Repeat all the records, precisely as given.

(Dataset entries)
· · ·

Lemma walk_mx_support E a s i j :
  path (tp_adj E) a s -> walk_mx a s i j != 0 -> (i, j) \in E.
Proof.
elim: s a => [|b s IHs] a /=; first by rewrite mxE eqxx.
case/andP => ab bs; rewrite mxE.
have [abj|/arc_mx_eq0->] := boolP (tp_joins (i, j) a b).
  by rewrite (tp_adj_joins ab abj).
by rewrite add0r; apply: IHs.
Qed.

Lemma delta_mx_row_sum i0 j0 i :
  \sum_j (delta_mx i0 j0 : 'M[R]_(N1, N2)) i j = (i == i0)%:R.
Proof.
under eq_bigr do rewrite mxE.
by rewrite (bigD1 j0) //= eqxx andbT big1 ?addr0 // => j /negbTE->; rewrite andbF.
Qed.

Lemma delta_mx_col_sum i0 j0 j :
  \sum_i (delta_mx i0 j0 : 'M[R]_(N1, N2)) i j = (j == j0)%:R.
Proof.
under eq_bigr do rewrite mxE.
by rewrite (bigD1 i0) //= eqxx big1 ?addr0 // => i /negbTE->.
Qed.

Lemma arc_mx_row_sum E a b i : tp_adj E a b ->
  \sum_j arc_mx a b i j = (a == inl i)%:R - (b == inl i)%:R.
Proof.
case: a => a; case: b => b //= _; first by rewrite delta_mx_row_sum subr0 eq_sym.
by under eq_bigr do rewrite mxE; rewrite sumrN delta_mx_row_sum sub0r eq_sym.
Qed.

Lemma arc_mx_col_sum E a b j : tp_adj E a b ->
  \sum_i arc_mx a b i j = (b == inr j)%:R - (a == inr j)%:R.
Proof.
case: a => a; case: b => b //= _; first by rewrite delta_mx_col_sum subr0 eq_sym.
by under eq_bigr do rewrite mxE; rewrite sumrN delta_mx_col_sum sub0r eq_sym.
Qed.

Lemma walk_mx_row_sum E a s i : path (tp_adj E) a s ->
  \sum_j walk_mx a s i j = (a == inl i)%:R - (last a s == inl i)%:R.
Proof.
elim: s a => [|b s IHs] a /=.
  by under eq_bigr do rewrite mxE; rewrite big1 ?subrr.
case/andP => ab bs; under eq_bigr do rewrite mxE.
by rewrite big_split /= (arc_mx_row_sum _ ab) IHs // addrA subrK.
Qed.

Lemma walk_mx_col_sum E a s j : path (tp_adj E) a s ->
  \sum_i walk_mx a s i j = (last a s == inr j)%:R - (a == inr j)%:R.
Proof.
elim: s a => [|b s IHs] a /=.
  by under eq_bigr do rewrite mxE; rewrite big1 ?subrr.
case/andP => ab bs; under eq_bigr do rewrite mxE.
by rewrite big_split /= (arc_mx_col_sum _ ab) IHs // addrC addrA subrK.
Qed.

· · ·

### Reply
Lemma walk_mx_support E a s i j :
  path (tp_adj E) a s -> walk_mx a s i j != 0 -> (i, j) \in E.
Proof.
elim: s a => [|b s IHs] a /=; first by rewrite mxE eqxx.
case/andP => ab bs; rewrite mxE.
have [abj|/arc_mx_eq0->] := boolP (tp_joins (i, j) a b).
  by rewrite (tp_adj_joins ab abj).
by rewrite add0r; apply: IHs.
Qed.

Lemma delta_mx_row_sum i0 j0 i :
  \sum_j (delta_mx i0 j0 : 'M[R]_(N1, N2)) i j = (i == i0)%:R.
Proof.
under eq_bigr do rewrite mxE.
by rewrite (bigD1 j0) //= eqxx andbT big1 ?addr0 // => j /negbTE->; rewrite andbF.
Qed.

Lemma delta_mx_col_sum i0 j0 j :
  \sum_i (delta_mx i0 j0 : 'M[R]_(N1, N2)) i j = (j == j0)%:R.
Proof.
under eq_bigr do rewrite mxE.
by rewrite (bigD1 i0) //= eqxx big1 ?addr0 // => i /negbTE->.
Qed.

Lemma arc_mx_row_sum E a b i : tp_adj E a b ->
  \sum_j arc_mx a b i j = (a == inl i)%:R - (b == inl i)%:R.
Proof.
case: a => a; case: b => b //= _; first by rewrite delta_mx_row_sum subr0 eq_sym.
by under eq_bigr do rewrite mxE; rewrite sumrN delta_mx_row_sum sub0r eq_sym.
Qed.

Lemma arc_mx_col_sum E a b j : tp_adj E a b ->
  \sum_i arc_mx a b i j = (b == inr j)%:R - (a == inr j)%:R.
Proof.
case: a => a; case: b => b //= _; first by rewrite delta_mx_col_sum subr0 eq_sym.
by under eq_bigr do rewrite mxE; rewrite sumrN delta_mx_col_sum sub0r eq_sym.
Qed.

Lemma walk_mx_row_sum E a s i : path (tp_adj E) a s ->
  \sum_j walk_mx a s i j = (a == inl i)%:R - (last a s == inl i)%:R.
Proof.
elim: s a => [|b s IHs] a /=.
  by under eq_bigr do rewrite mxE; rewrite big1 ?subrr.
case/andP => ab bs; under eq_bigr do rewrite mxE.
by rewrite big_split /= (arc_mx_row_sum _ ab) IHs // addrA subrK.
Qed.

Lemma walk_mx_col_sum E a s j : path (tp_adj E) a s ->
  \sum_i walk_mx a s i j = (last a s == inr j)%:R - (a == inr j)%:R.
Proof.
elim: s a => [|b s IHs] a /=.
  by under eq_bigr do rewrite mxE; rewrite big1 ?subrr.
case/andP => ab bs; under eq_bigr do rewrite mxE.
by rewrite big_split /= (arc_mx_col_sum _ ab) IHs // addrC addrA subrK.
Qed.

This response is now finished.